*** Input Section Begins ***

Lemma sq_embed_antichain (F : list (nat * nat))
  (HB : forall p, In p F -> in_box t p) (HA : is_antichain Nat.le (fun p => In p F)) :
  is_antichain le (fun q => In q (map (sq_embed e t) F)).
Proof.
  intros q1 q2 Hq1 Hq2 Hne.
  apply in_map_iff in Hq1 as [p1 [<- I1]]. apply in_map_iff in Hq2 as [p2 [<- I2]].
  assert (p1 <> p2) by congruence.
  destruct (HA p1 p2 I1 I2) as [n1 n2]; [assumption |].
  split; apply sq_embed_incomparable; auto.
Qed.

Lemma sq_embed_NoDup (F : list (nat * nat))
  (HB : forall p, In p F -> in_box t p) (HA : is_antichain Nat.le (fun p => In p F)) :
  NoDup F -> NoDup (map (sq_embed e t) F).
Proof.
  destruct Hlin as [Hrefl _].
  apply NoDup_map_NoDup_ForallPairs. intros p1 p2 I1 I2 Heq.
  apply NNPP. intros Hne. destruct (HA p1 p2 I1 I2 Hne) as [n1 _].
  apply (sq_embed_incomparable (HB p1 I1) (HB p2 I2) n1 (proj2 (HA p1 p2 I1 I2 Hne))).
  rewrite Heq. split; apply Hrefl.
Qed.

End SquareEmbedding.
End LinearOrder.

Lemma list_in_box (F : list (nat * nat)) :
  exists B, forall t, B <= t -> forall p, In p F -> in_box t p.
Proof.
  induction F as [| [i j] F [B HB]]; [exists 0; intros t _ p [] |].
  exists (Nat.max B (S (Nat.max i j))). intros t Ht p [<- | Ip].
  - unfold in_box; simpl; lia.
  - apply HB; [lia | exact Ip].
Qed.

Lemma linear_order_nat : linear_order Nat.le.
Proof. repeat split; intros; lia. Qed.

Section StrongGrid.
Variables (L : Type) (le : L -> L -> Prop) (S : signature) (M : structure S)
  (n k : nat) (phi : formula S) (b : L * L -> nat -> M).
Hypothesis Hlin : linear_order le.
Hypothesis Hgrid : is_k_grid le M n phi b k.
Variable E : nat -> nat -> L.
Hypothesis HE : forall t, increasing_below le (E t) (t * t).
Variable U : (nat -> Prop) -> Prop.
Hypothesis HU : is_ultrafilter U.
Hypothesis U_cofinite : forall N, U (fun t => N <= t).

Definition ultra_grid (p : nat * nat) : nat -> ultrapower HU M :=
  cls_fam HU M (fun t => b (sq_embed (E t) t p)).

Lemma ultra_grid_chain (C : nat * nat -> Prop) :
  is_chain Nat.le C -> consistent_family (ultrapower HU M) n phi ultra_grid C.
Proof.
  intros HC F HF. destruct (list_in_box F) as [B HB].
  assert (Hreal : forall t, exists a : nat -> M, B <= t ->
            forall p, In p F -> sat M (inst M n a (b (sq_embed (E t) t p))) phi).
  { intros t. destruct (le_lt_dec B t) as [Ht | Ht].
    - destruct (proj1 Hgrid _ (sq_embed_strict_chain (HE t) F (HB t Ht)
                  (fun p q Ip Iq => HC p q (HF p Ip) (HF q Iq)))
                  (map (sq_embed (E t) t) F) (fun q Iq => Iq)) as [a Ha].
      exists a. intros _ p Ip. apply Ha, in_map, Ip.
    - exists (fun _ => dom_inhabited M). lia. }
  apply choice in Hreal as [h Hh].
  exists (cls_fam HU M h). intros p Ip. unfold ultra_grid.
  rewrite inst_cls_fam, los.
  exact (uf_mono HU _ _ (fun t Ht => Hh t Ht p Ip) (U_cofinite B)).
Qed.
(* Let $A$ be a reachable $\mathbf{JSL}$-dfa. Then the transition semiring $\mathrm{ts}(A)$, viewed as a $\mathbf{JSL}$-dfa, satisfies $[\mathrm{ts}(A)]^{\mathsf{op}}\cong\mathrm{rqc}(A^{\mathsf{op}})$ as $\mathbf{JSL}$-dfas (equivalently, since both are simple, the states of $[\mathrm{ts}(A)]^{\mathsf{op}}$ accept exactly the languages that are states of $\mathrm{rqc}(A^{\mathsf{op}})$).
   Context: A $\mathbf{JSL}$-dfa $A=(S,\delta,s_0,F)$: finite semilattice $S$, join-preserving $\delta_a\colon S\to S$, initial state $s_0$, final states $F=\{s:s\not\le s_f\}$ for some $s_f$; $\delta_w=\delta_{a_n}\circ\cdots\circ\delta_{a_1}$ for $w=a_1\cdots a_n$; $L(A,s)=\{w:\delta_w(s)\in F\}$. $A$ is reachable if every state is a finite join of states $\delta_w(s_0)$; simple if distinct states accept distinct languages. Morphisms: join-preserving maps preserving transitions, initial state and final states (both ways). The dual $A^{\mathsf{op}}$ has reversed order, transitions $\delta_a^*(s)=$ largest $t$ with $\delta_a(t)\le s$, initial state the largest non-final state, final states $\{s:s_0\not\le s\}$. Transition semiring: $\mathrm{ts}(A)$ is the set of all maps $\bigvee_{i=1}^n\delta_{w_i}\colon S\to S$ ($n\ge0$, $w_i\in\Sigma^*$, join taken pointwise), ordered pointwise, viewed as a $\mathbf{JSL}$-dfa with initial state $\delta_\epsilon=\mathrm{id}_S$, transitions $\bigvee_i\delta_{w_i}\xrightarrow{a}\bigvee_i\delta_{w_ia}$, and final states those $\bigvee_i\delta_{w_i}$ such that some $w_i$ is accepted by $A$. For a simple $\mathbf{JSL}$-dfa $B$, $\mathrm{rqc}(B)$ (right-derivative closure) is the $\mathbf{JSL}$-dfa whose states are the smallest set of languages containing all $L(B,s)$ and closed under finite unions and right derivatives $K\mapsto Kv^{-1}=\{w:wv\in K\}$, ordered by inclusion, with transitions $K\mapsto a^{-1}K$, initial state the language of $B$, final states those containing $\epsilon$. *)

From mathcomp Require Import all_boot.
From Stdlib Require Import ClassicalEpsilon.


Record jdfa (Sigma : Type) := JDfa {
  st : Type;
  le : st -> st -> Prop;
  jn : st -> st -> st;
  bot : st;
  delta : Sigma -> st -> st;
  init : st;
  fin : st -> Prop }.

Arguments st {Sigma} j.
Arguments le {Sigma} j _ _.
Arguments jn {Sigma} j _ _.
Arguments bot {Sigma} j.
Arguments delta {Sigma} j _ _.
Arguments init {Sigma} j.
Arguments fin {Sigma} j _.

Section JSL.
Context {Sigma : Type}.
Implicit Types A B : jdfa Sigma.

Definition deltaw A (w : seq Sigma) (s : st A) : st A :=
  foldl (fun t a => delta A a t) s w.

Definition lang_of A (s : st A) : seq Sigma -> Prop :=
  fun w => fin A (deltaw A w s).

Definition bigjn A (l : seq (st A)) : st A := foldr (jn A) (bot A) l.

Record is_jsl_dfa A : Prop := {
  jsl_finite : exists l : seq (st A), forall x, List.In x l;
  jsl_refl : forall x, le A x x;
  jsl_antisym : forall x y, le A x y -> le A y x -> x = y;
  jsl_trans : forall x y z, le A x y -> le A y z -> le A x z;
  jsl_jn_ubl : forall x y, le A x (jn A x y);
  jsl_jn_ubr : forall x y, le A y (jn A x y);
  jsl_jn_least : forall x y z, le A x z -> le A y z -> le A (jn A x y) z;
  jsl_bot_least : forall x, le A (bot A) x;
  jsl_delta_jn : forall a x y, delta A a (jn A x y) = jn A (delta A a x) (delta A a y);
  jsl_delta_bot : forall a, delta A a (bot A) = bot A;
  jsl_final : exists sf, forall s, fin A s <-> ~ le A s sf }.

Definition reachable A : Prop :=
  forall s, exists ws : seq (seq Sigma),
    s = bigjn A (map (fun w => deltaw A w (init A)) ws).

(* the greatest element satisfying P (chosen classically; d is a default) *)
Definition greatest {T : Type} (d : T) (leT : T -> T -> Prop) (P : T -> Prop) : T :=
  epsilon (inhabits d) (fun z => P z /\ forall t, P t -> leT t z).

(* The dual A^op: reversed order (so its join is the meet of A, its bottom
   the top of A), delta*_a(s) = largest t with delta_a t <= s, initial state
   the largest non-final state, final states {s | s_0 not <= s}. *)
Definition dual A : jdfa Sigma :=
  @JDfa Sigma (st A)
    (fun x y => le A y x)
    (fun x y => greatest (init A) (le A) (fun z => le A z x /\ le A z y))
    (greatest (init A) (le A) (fun _ => True))
    (fun a s => greatest (init A) (le A) (fun t => le A (delta A a t) s))
    (greatest (init A) (le A) (fun t => ~ fin A t))
    (fun s => ~ le A (init A) s).

Definition fjoin A (ws : seq (seq Sigma)) : st A -> st A :=
  fun s => bigjn A (map (fun w => deltaw A w s) ws).

Definition ts_st A := { g : st A -> st A | exists ws, g = fjoin A ws }.

Definition ts_val A (g : ts_st A) : st A -> st A := proj1_sig g.

Definition ts_bot A : ts_st A :=
  exist (fun g => exists ws, g = fjoin A ws) (fun _ => bot A) (ex_intro _ [::] erefl).

Definition ts_pick A (f : st A -> st A) : ts_st A :=
  epsilon (inhabits (ts_bot A)) (fun k => ts_val A k = f).

Definition ts A : jdfa Sigma :=
  @JDfa Sigma (ts_st A)
    (fun g h => forall s, le A (ts_val A g s) (ts_val A h s))
    (fun g h => ts_pick A (fun s => jn A (ts_val A g s) (ts_val A h s)))
    (ts_bot A)
    (* \/_i delta_{w_i}  --a-->  \/_i delta_{w_i a} *)
    (fun a g => epsilon (inhabits (ts_bot A)) (fun k =>
        exists ws, ts_val A g = fjoin A ws /\
                   ts_val A k = fjoin A [seq rcons w a | w <- ws]))
    (ts_pick A id)
    (fun g => exists ws, ts_val A g = fjoin A ws /\
                exists2 w, List.In w ws & lang_of A (init A) w).

Definition lang := seq Sigma -> Prop.

Inductive rqc_set B : lang -> Prop :=
| rqc_base s : rqc_set B (lang_of B s)
| rqc_empty : rqc_set B (fun _ => False)
| rqc_union K1 K2 : rqc_set B K1 -> rqc_set B K2 ->
    rqc_set B (fun w => K1 w \/ K2 w)
| rqc_rder K (v : seq Sigma) : rqc_set B K -> rqc_set B (fun w => K (w ++ v)).

Definition rqc_st B := { K : lang | rqc_set B K }.

Definition rqc_val B (K : rqc_st B) : lang := proj1_sig K.

Definition rqc_bot B : rqc_st B := exist (rqc_set B) (fun _ => False) (rqc_empty B).

Definition rqc_pick B (K : lang) : rqc_st B :=
  epsilon (inhabits (rqc_bot B)) (fun k => rqc_val B k = K).

Definition rqc B : jdfa Sigma :=
  @JDfa Sigma (rqc_st B)
    (fun K1 K2 => forall w, rqc_val B K1 w -> rqc_val B K2 w)
    (fun K1 K2 => rqc_pick B (fun w => rqc_val B K1 w \/ rqc_val B K2 w))
    (rqc_bot B)
    (fun a K => rqc_pick B (fun w => rqc_val B K (a :: w)))
    (exist (rqc_set B) (lang_of B (init B)) (rqc_base B (init B)))
    (fun K => rqc_val B K [::]).

Definition jdfa_morph A B (f : st A -> st B) : Prop :=
  (forall x y, f (jn A x y) = jn B (f x) (f y)) /\
  f (bot A) = bot B /\
  (forall a x, f (delta A a x) = delta B a (f x)) /\
  f (init A) = init B /\
  (forall x, fin A x <-> fin B (f x)).

Definition jdfa_iso A B : Prop :=
  exists (f : st A -> st B) (g : st B -> st A),
    jdfa_morph A B f /\ jdfa_morph B A g /\ cancel f g /\ cancel g f.

End JSL.

From mathcomp Require Import all_boot.
From Stdlib Require Import ClassicalEpsilon Classical FunctionalExtensionality PropExtensionality ProofIrrelevance.
From Stdlib Require List.

(* For a state x of ts(A)^op let Phi x be the language it accepts.  Two
   Galois-connection computations drive the proof.  In the dual B^op of any
   JSL-dfa B, w is accepted from s iff delta_{rev w}(s_0) is not below s
   (dual_lang); applied to B = ts(A), whose state reached by v is the map
   delta_v, this says Phi x = { w | delta_{rev w} is not pointwise below x }.
   Consequently Phi is injective (every element of ts(A) is the join of the
   maps delta_v below it), sends joins of ts(A)^op to unions, its bottom to
   the empty language and its initial state to L(A^op).  Its image is exactly
   the state set of rqc(A^op): since A is reachable, Phi x is a finite union
   of right derivatives of the languages L(A^op, s); conversely each
   generator of rqc(A^op) is accepted by the greatest element of a suitable
   down-closed, join-closed set of maps.  So Phi is a bijective morphism, and
   the inverse of a bijective morphism is a morphism. *)

Arguments jsl_finite {Sigma A} _.
Arguments jsl_refl {Sigma A} _.
Arguments jsl_antisym {Sigma A} _.
Arguments jsl_trans {Sigma A} _.
Arguments jsl_jn_ubl {Sigma A} _.
Arguments jsl_jn_ubr {Sigma A} _.
Arguments jsl_jn_least {Sigma A} _.
Arguments jsl_bot_least {Sigma A} _.
Arguments jsl_delta_jn {Sigma A} _.
Arguments jsl_delta_bot {Sigma A} _.
Arguments jsl_final {Sigma A} _.

Section JslFacts.
Context {Sigma : Type} {B : jdfa Sigma} (HB : is_jsl_dfa B).

Lemma bigjn_map_ub {X : Type} (f : X -> st B) l x :
  List.In x l -> le B (f x) (bigjn B (map f l)).
Proof.
elim: l => [|y l IH] //= [<-|Hx]; first exact: jsl_jn_ubl.
exact: jsl_trans HB _ _ _ (IH Hx) (jsl_jn_ubr HB _ _).
Qed.

Lemma bigjn_map_least {X : Type} (f : X -> st B) l c :
  (forall x, List.In x l -> le B (f x) c) -> le B (bigjn B (map f l)) c.
Proof.
elim: l => [|y l IH] /= H; first exact: jsl_bot_least.
apply: (jsl_jn_least HB); first exact: H y (or_introl erefl).
by apply: IH => x Hx; apply: H x (or_intror Hx).
Qed.

Lemma not_le_bigjn_map {X : Type} (f : X -> st B) l c :
  ~ le B (bigjn B (map f l)) c <-> exists2 x, List.In x l & ~ le B (f x) c.
Proof.
split=> [Hn | [x Hx Hfx] Hle]; last exact: Hfx (jsl_trans HB _ _ _ (bigjn_map_ub f _ _ Hx) Hle).
apply: NNPP => Hno; apply: Hn; apply: bigjn_map_least => x Hx.
by apply: NNPP => Hfx; apply: Hno; exists x.
Qed.

Lemma delta_mono a x y : le B x y -> le B (delta B a x) (delta B a y).
Proof.
move=> Hxy; have -> : y = jn B x y.
  apply: (jsl_antisym HB); first exact: jsl_jn_ubr.
  exact: jsl_jn_least HB _ _ _ Hxy (jsl_refl HB _).
rewrite (jsl_delta_jn HB); exact: jsl_jn_ubl.
Qed.

Lemma delta_bigjn a l : delta B a (bigjn B l) = bigjn B (map (delta B a) l).
Proof.
by elim: l => [|x l IH] /=; rewrite ?(jsl_delta_bot HB) ?(jsl_delta_jn HB) ?IH.
Qed.

Lemma deltaw_bigjn v l : deltaw B v (bigjn B l) = bigjn B (map (deltaw B v) l).
Proof.
elim: v l => [|a v IH] l /=; first by elim: l => //= x l <-.
by rewrite -/(deltaw B v _) delta_bigjn IH -map_comp.
Qed.

End JslFacts.

Lemma deltaw_rcons {Sigma : Type} (B : jdfa Sigma) v a s :
  deltaw B (rcons v a) s = delta B a (deltaw B v s).
Proof. by rewrite /deltaw foldl_rcons. Qed.

Lemma deltaw_cat {Sigma : Type} (B : jdfa Sigma) u v s :
  deltaw B (u ++ v) s = deltaw B v (deltaw B u s).
Proof. by rewrite /deltaw foldl_cat. Qed.

Lemma ex_greatest {X : Type} {leX : X -> X -> Prop} {jnX : X -> X -> X} {b : X}
  {l : seq X} (Hl : forall x, List.In x l)
  (Htrans : forall x y z, leX x y -> leX y z -> leX x z)
  (Hubl : forall x y, leX x (jnX x y)) (Hubr : forall x y, leX y (jnX x y))
  (P : X -> Prop) : P b -> (forall x y, P x -> P y -> P (jnX x y)) ->
  exists z, P z /\ forall t, P t -> leX t z.
Proof.
move=> Pb Pjn.
suff [z [Pz Hz]] : exists z, P z /\ forall t, List.In t l -> P t -> leX t z.
  by exists z; split=> // t; apply: Hz.
elim: l {Hl} => [|x l [z [Pz Hz]]]; first by exists b.
case: (classic (P x)) => Px; last by exists z; split=> // t [<-|Ht] Pt //; apply: Hz.
exists (jnX x z); split; first exact: Pjn.
move=> t [<-|Ht] Pt; first exact: Hubl.
exact: Htrans (Hz t Ht Pt) (Hubr _ _).
Qed.

Section Greatest.
Context {Sigma : Type} {B : jdfa Sigma} (HB : is_jsl_dfa B).

(* Every operation of the dual and of the inverse of Phi is of this form. *)
Lemma le_greatest (P : st B -> Prop) :
  P (bot B) -> (forall x y, P x -> P y -> P (jn B x y)) ->
  (forall x y, le B x y -> P y -> P x) ->
  forall t, le B t (greatest (init B) (le B) P) <-> P t.
Proof.
move=> Pbot Pjn Pdown t.
have [l Hl] := jsl_finite HB.
have [Pmax Hmax] : P (greatest (init B) (le B) P) /\
    forall t, P t -> le B t (greatest (init B) (le B) P).
  apply: (epsilon_spec (inhabits (init B)) (fun z => P z /\ forall t, P t -> le B t z)).
  exact: ex_greatest Hl (jsl_trans HB) (jsl_jn_ubl HB) (jsl_jn_ubr HB) P Pbot Pjn.
by split=> [Ht | /Hmax //]; apply: Pdown Ht Pmax.
Qed.

End Greatest.

Section Dual.
Context {Sigma : Type} {B : jdfa Sigma} (HB : is_jsl_dfa B).

Lemma dual_meet (x y t : st B) : le B t (jn (dual B) x y) <-> le B t x /\ le B t y.
Proof.
rewrite /=; apply: (le_greatest HB (fun z => le B z x /\ le B z y)).
- by split; apply: jsl_bot_least.
- move=> u v [Hux Huy] [Hvx Hvy].
  by split; [exact: (jsl_jn_least HB _ _ _ Hux Hvx) | exact: (jsl_jn_least HB _ _ _ Huy Hvy)].
- move=> u v Huv [Hvx Hvy]; split; exact: jsl_trans HB _ _ _ Huv _.
Qed.

Lemma dual_top t : le B t (bot (dual B)).
Proof. by rewrite /=; apply/(le_greatest HB (fun _ => True)). Qed.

*** Input Section Ends ***

Exercise requirements
Scan the lines above for "by elim: l => [|x" and for "Proof. by rewrite /deltaw foldl_cat. Qed.". Repeat exactly the line holding each of them and every line in between.

Result
by elim: l => [|x l IH] /=; rewrite ?(jsl_delta_bot HB) ?(jsl_delta_jn HB) ?IH.
Qed.

Lemma deltaw_bigjn v l : deltaw B v (bigjn B l) = bigjn B (map (deltaw B v) l).
Proof.
elim: v l => [|a v IH] l /=; first by elim: l => //= x l <-.
by rewrite -/(deltaw B v _) delta_bigjn IH -map_comp.
Qed.

End JslFacts.

Lemma deltaw_rcons {Sigma : Type} (B : jdfa Sigma) v a s :
  deltaw B (rcons v a) s = delta B a (deltaw B v s).
Proof. by rewrite /deltaw foldl_rcons. Qed.

Lemma deltaw_cat {Sigma : Type} (B : jdfa Sigma) u v s :
  deltaw B (u ++ v) s = deltaw B v (deltaw B u s).
Proof. by rewrite /deltaw foldl_cat. Qed.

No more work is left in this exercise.